This exercise calls for a copy of every line in the listing below that carries the word "nygx".

────────────────────

(* copy of vertex i: H2 if internal, H1 if a leaf;  vertex (i, a) = v_{a+1} of that copy *)
Definition Gvalid (m : nat) (p : 'I_m * 'I_6) : bool := path_internal m p.1 || (p.2 < 5).

Definition GV (m : nat) := {p : 'I_m * 'I_6 | Gvalid m p}.
HB.instance Definition _ (m : nat) := Finite.on (GV m).

(* degree-2 vertex of copy i used for the path edge i(i+1):
   v1 (index 0) for a leaf, v4 (index 3) for an internal vertex;
   the path edge i(i+1) lands on v1 (index 0) of copy i+1. *)
Definition port (m i : nat) : nat := if path_internal m i then 3 else 0.

Definition pedge (m : nat) (p q : 'I_m * 'I_6) : bool :=
  [|| (p.1 == q.1) &&
        (if path_internal m p.1 then in_edges H2_edges p.2 q.2 else in_edges H1_edges p.2 q.2),
      [&& q.1 == p.1.+1 :> nat, p.2 == port m p.1 :> nat & q.2 == 0 :> nat]
    | [&& p.1 == q.1.+1 :> nat, q.2 == port m q.1 :> nat & p.2 == 0 :> nat]].

Definition Gadj (m : nat) : rel (GV m) := fun x y => pedge m (val x) (val y).

Definition ceil_div (a b : nat) : nat := (a + b.-1) %/ b.

From HB Require Import structures.
From mathcomp Require Import all_boot all_order all_algebra zify.

Set Implicit Arguments. Unset Strict Implicit. Unset Printing Implicit Defensive.

Import GRing.Theory.

(* Each copy of H1 or H2 meets the rest of G only at its degree-2 vertices, each of which
   has exactly one neighbour outside the copy.  If a 2-conversion set met some copy in at most
   one vertex, the process would stall inside that copy even with every outside vertex
   infected (a finite check on H1 and H2); hence c_2(G) >= 2m.  Conversely v2 and v4 of every
   copy convert G, so c_2(G) = 2m, and as |V(G)| = 6m - 2 the excess over
   ceil((|V(G)| + 2) / 4) = ceil(3m / 2) is floor(m / 2).

   The edge leaving the first leaf copy is a bridge.  In a 3-edge-colouring of a cubic graph
   every colour class is a perfect matching, so each colour would occur on an edge leaving
   that 5-vertex copy, which has only one such edge: G is Class 2.  A 4-edge-colouring gives
   colour 3 to the path edges and colours each copy by hand. *)

(** * Edge colourings of cubic graphs *)

Lemma odd_card_fixfree_involution (T : finType) (g : T -> T) (B : {set T}) :
  involutive g -> (forall x, x \in B -> g x \in B /\ g x != x) -> ~~ odd #|B|.
Proof.
move=> gK; have [n ltBn] := ubnP #|B|; elim: n B ltBn => // n IH B ltBn Bg.
have [-> | [x xB]] := set_0Vmem B; first by rewrite cards0.
have [gxB gxx] := Bg x xB.
have pairB : [set x; g x] \subset B by rewrite subUset !sub1set xB gxB.
have cardB : #|B| = #|B :\: [set x; g x]| + 2.
  by rewrite -(cardsID [set x; g x] B) (setIidPr pairB) cards2 eq_sym gxx addnC.
rewrite cardB oddD addbF IH //; first by rewrite cardB in ltBn; lia.
move=> y; rewrite !inE negb_or => /andP [/andP [nyx nygx] yB].
have [gyB gyy] := Bg y yB; split=> //.
by rewrite gyB (inv_eq gK) (inj_eq (inv_inj gK)) negb_or nygx nyx.
Qed.

Section ThreeEdgeColouring.
Variables (T : finType) (e : rel T) (c : T -> T -> 'I_3).
Hypotheses (e_sym : symmetric e) (e_cubic : cubic e) (c_col : edge_colouring e c).

Lemma colour_at x k : exists2 y, e x y & c x y = k.
Proof.
have [_ c_proper] := c_col.
have c_inj : {in [set y | e x y] &, injective (c x)}.
  move=> y z; rewrite !inE => xy xz; apply: contra_eq; exact: c_proper.
have : c x @: [set y | e x y] = [set: 'I_3].
  by apply/eqP; rewrite eqEcard subsetT cardsT card_ord card_in_imset // -/(deg e x) e_cubic.
by move/setP/(_ k); rewrite inE => /imsetP [y]; rewrite inE => xy ->; exists y.
Qed.

Definition partner k x := odflt x [pick y | e x y && (c x y == k)].

Lemma partnerP k x : e x (partner k x) /\ c x (partner k x) = k.
Proof.
rewrite /partner; case: pickP => [y /andP [xy /eqP] | none] //=.
by have [y xy cy] := colour_at x k; have := none y; rewrite xy cy eqxx.
Qed.

Lemma partner_eq k x y : e x y -> c x y = k -> partner k x = y.
Proof.
have [_ c_proper] := c_col; have [xp cp] := partnerP k x => xy cy.
by apply: contraTeq isT => /(c_proper _ _ _ xp xy); rewrite cp cy eqxx.
Qed.

Lemma partnerK k : involutive (partner k).
Proof.
have [c_sym _] := c_col; move=> x; have [xp cp] := partnerP k x.
by apply: partner_eq; rewrite 1?e_sym // -c_sym.
Qed.

End ThreeEdgeColouring.

Definition single_edge_cut (T : finType) (e : rel T) (A : {set T}) (x y : T) : Prop :=
  forall u v, u \in A -> v \notin A -> e u v -> u = x /\ v = y.

(* [partner e c k] is a fixed-point-free involution: the k-coloured edges form a perfect
   matching, so those inside an odd set A cannot cover it. *)
Theorem odd_single_edge_cut_not_3_edge_colourable (T : finType) (e : rel T) (A : {set T}) x y :
  simple_graph e -> cubic e -> odd #|A| -> single_edge_cut e A x y -> ~ edge_colourable e 3.
Proof.
move=> [e_sym e_irr] e_cubic oddA cutA [c c_col].
have cut_colour k : c x y = k.
  pose B := [set u in A | partner e c k u \in A].
  have evenB : ~~ odd #|B|.
    apply: (odd_card_fixfree_involution (partnerK e_sym e_cubic c_col k)) => u.
    rewrite !inE => /andP [uA puA]; rewrite puA (partnerK e_sym e_cubic c_col) uA; split=> //.
    have [up _] := partnerP e_cubic c_col k u.
    by apply: contraTneq up => ->; rewrite e_irr.
  have [AB0 | [u]] := set_0Vmem (A :\: B).
    have BA : B \subset A by apply/subsetP => u; rewrite inE => /andP [].
    by move: oddA; rewrite -(cardsID B A) AB0 cards0 addn0 (setIidPr BA) (negbTE evenB).
  rewrite !inE => /andP [uB uA]; rewrite uA /= in uB.
  have [up cp] := partnerP e_cubic c_col k u.
  by have [<- <-] := cutA _ _ uA uB up.
by move: (cut_colour ord0) (cut_colour ord_max) => -> /(congr1 val).
Qed.

Lemma edge_colourable_widen (T : finType) (e : rel T) j k :
  j <= k -> edge_colourable e j -> edge_colourable e k.
Proof.
move=> le_jk [c [c_sym c_proper]]; exists (fun x y => widen_ord le_jk (c x y)); split.
  by move=> x y xy; rewrite c_sym.
by move=> x y z xy xz nyz; rewrite -(inj_eq val_inj) /=; apply: c_proper.
Qed.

────────────────────

(Solution for this exercise):
move=> y; rewrite !inE negb_or => /andP [/andP [nyx nygx] yB].
by rewrite gyB (inv_eq gK) (inj_eq (inv_inj gK)) negb_or nygx nyx.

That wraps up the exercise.